In the step S1, current point in time t video frame is detected current point in time video frame images I firstt It inputs Mobilenet and carries out feature extraction, whereinHIAnd WIIt is the height and width of frame image respectively, extracts To candidate feature figureWherein C1, H1, W1The respectively port number of candidate feature figure, height and width.
In the step S2, a width w is set in the time in the past section of current point in time t as the Fusion Features window of s Mouthful, enabling the length of time in the past section is q, then the setting rule of Fusion Features window width is shown below, i.e., if past Time step length is greater than s, then sets s for fusion window width, if time in the past step-length degree is less than s, not enough spies Fusion window width is then set as the past the length of time step by sign.

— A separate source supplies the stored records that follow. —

(* If $G$ is a graph with $\operatorname{box}(G)=b$, then $G$ contains a simple cycle of length at least $b-3$.
   Context: The boxicity $\operatorname{box}(G)$ is the minimum $b$ such that $G$ is the intersection graph of axis-parallel boxes in $\mathbb{R}^b$ (products of $b$ closed intervals), one box per vertex. *)

From Stdlib Require Import Reals.
From mathcomp Require Import all_boot.
Set Implicit Arguments. Unset Strict Implicit. Unset Printing Implicit Defensive.

(* A finite simple graph: vertex set a finType T, edge relation e : rel T,
   symmetric and irreflexive (these are hypotheses of the theorem). *)

Definition box_rep (T : finType) (e : rel T) (b : nat)
  (lo hi : T -> 'I_b -> R) : Prop :=
  (forall v i, Rle (lo v i) (hi v i)) /\
  (forall u v, u <> v ->
     (e u v <-> forall i : 'I_b, Rle (lo u i) (hi v i) /\ Rle (lo v i) (hi u i))).

Definition has_box_rep (T : finType) (e : rel T) (b : nat) : Prop :=
  exists lo hi : T -> 'I_b -> R, @box_rep T e b lo hi.

Definition boxicity_eq (T : finType) (e : rel T) (b : nat) : Prop :=
  has_box_rep e b /\ (forall b', has_box_rep e b' -> b <= b').

Definition simple_cycle (T : finType) (e : rel T) (s : seq T) : Prop :=
  [/\ uniq s, 3 <= size s & cycle e s].

(* Take a normal spanning forest of G: a rooted forest in which every edge joins
   a vertex to one of its ancestors. An edge spanning more than W levels closes,
   with the tree path between its ends, a cycle of length more than W + 1.
   Otherwise G is the intersection graph of boxes in dimension m + 2 whenever
   m > W (or m = 0 and W = 1): one coordinate carries nested intervals coding the
   ancestor relation, one carries [depth, depth + W], and for each colour k < m
   (depths taken mod m) the vertices of colour k get the point of their depth,
   while any other vertex v gets [depth v, max depth] if it has a non-adjacent
   ancestor of colour k within W levels and [0, max depth] otherwise. With
   W = max(1, b - 5) and m = b - 3 (m = 0 if b = 4) this is dimension b - 1. *)

From Stdlib Require Import Reals.
From mathcomp Require Import all_boot zify.
Set Implicit Arguments. Unset Strict Implicit. Unset Printing Implicit Defensive.

Lemma eq_modn_near m a b : a = b %[mod m] -> a < b + m -> b < a + m -> a = b.
Proof.
wlog le_ab : a b / a <= b => [wlog_ab|].
  by case: (leqP a b) => [|/ltnW] ? ? ? ?; [|symmetry]; apply: wlog_ab.
move=> /eqP; rewrite eq_sym eqn_mod_dvd // => m_dvd _ lt_b.
case: (posnP (b - a)) => [|/dvdn_leq/(_ m_dvd)]; lia.
Qed.

Lemma chord_simple_cycle (T : finType) (e : rel T) (x : T) (s : seq T) i :
  path e x s -> uniq (x :: s) -> i.+1 < size s -> e (nth x s i.+1) x ->
  simple_cycle e (x :: take i.+2 s).
Proof.
move=> e_xs uniq_xs lt_i_s e_chord; split.
- exact: (take_uniq i.+3 uniq_xs).
- by rewrite /= size_takel.
- rewrite /= rcons_path {2}(take_nth x lt_i_s) last_rcons e_chord andbT.
  by move: e_xs; rewrite -{1}(cat_take_drop i.+2 s) cat_path => /andP[].
Qed.

Lemma has_box_rep_nat (T : finType) (e : rel T) d (lo hi : T -> 'I_d -> nat) :
  (forall v i, lo v i <= hi v i) ->
  (forall u v, u <> v -> e u v <-> forall i, lo u i <= hi v i /\ lo v i <= hi u i) ->
  has_box_rep e d.
Proof.
move=> lo_hi meet_iff; exists (fun v i => INR (lo v i)), (fun v i => INR (hi v i)).
split=> [v i|u v uv]; first exact/le_INR/leP.
rewrite meet_iff //; split=> meet i; have [? ?] := meet i.
  by split; apply/le_INR/leP.
by split; apply/leP/INR_le.
Qed.

Section AncestorLists.
Variables (T : finType) (S : {set T}) (anc : T -> seq T).
Hypothesis anc_cons : forall x p s, x \in S -> anc x = p :: s -> anc p = s.
Hypothesis anc_sub : forall x, x \in S -> {subset anc x <= S}.

Lemma anc_nth i x x0 : x \in S -> i < size (anc x) ->
  anc (nth x0 (anc x) i) = drop i.+1 (anc x).
Proof.
elim: i x => [|i IHi] x xS; case anc_x: (anc x) => [|p s] //= lt_i.
  by rewrite (anc_cons xS anc_x) drop0.
have pS : p \in S by apply: (anc_sub xS); rewrite anc_x mem_head.
by have := IHi p pS; rewrite (anc_cons xS anc_x) => ->.
Qed.

Lemma anc_of_anc x y : x \in S -> y \in anc x ->
  anc y = drop (index y (anc x)).+1 (anc x).
Proof. by move=> xS yA; rewrite -{1}(nth_index y yA) anc_nth ?index_mem. Qed.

Enable the video frame images to be fused in Fusion Features window are as follows: { It-iI ∈ [1, s], wait melt in Fusion Features window Close the corresponding candidate feature figure of video frame are as follows: { Ft-iI ∈ [1, s].By each video frame images I to be fusedt-iBe converted to ash Degree figure Gt-i, and on the basis of grayscale image calculate image Laplce's variance, the La Pula at grayscale image G coordinate (x, y) This operator are as follows:
Wherein G (x, y) represents pixel value of the grayscale image G at coordinate (x, y).The Laplace operator of image passes through calculating The second dervative of each pixel all directions of image can be used to detect figure to capture the region jumpy of pixel value in image Corner as in, Laplce's variance of image then embodies the pixel value situation of change of whole image, if Laplce side Difference is larger, then illustrates that image is more visible, otherwise image is more fuzzy.
Each grayscale image G is calculated firstt-iLaplce's mean valueHIAnd WIThe respectively height and width of grayscale image.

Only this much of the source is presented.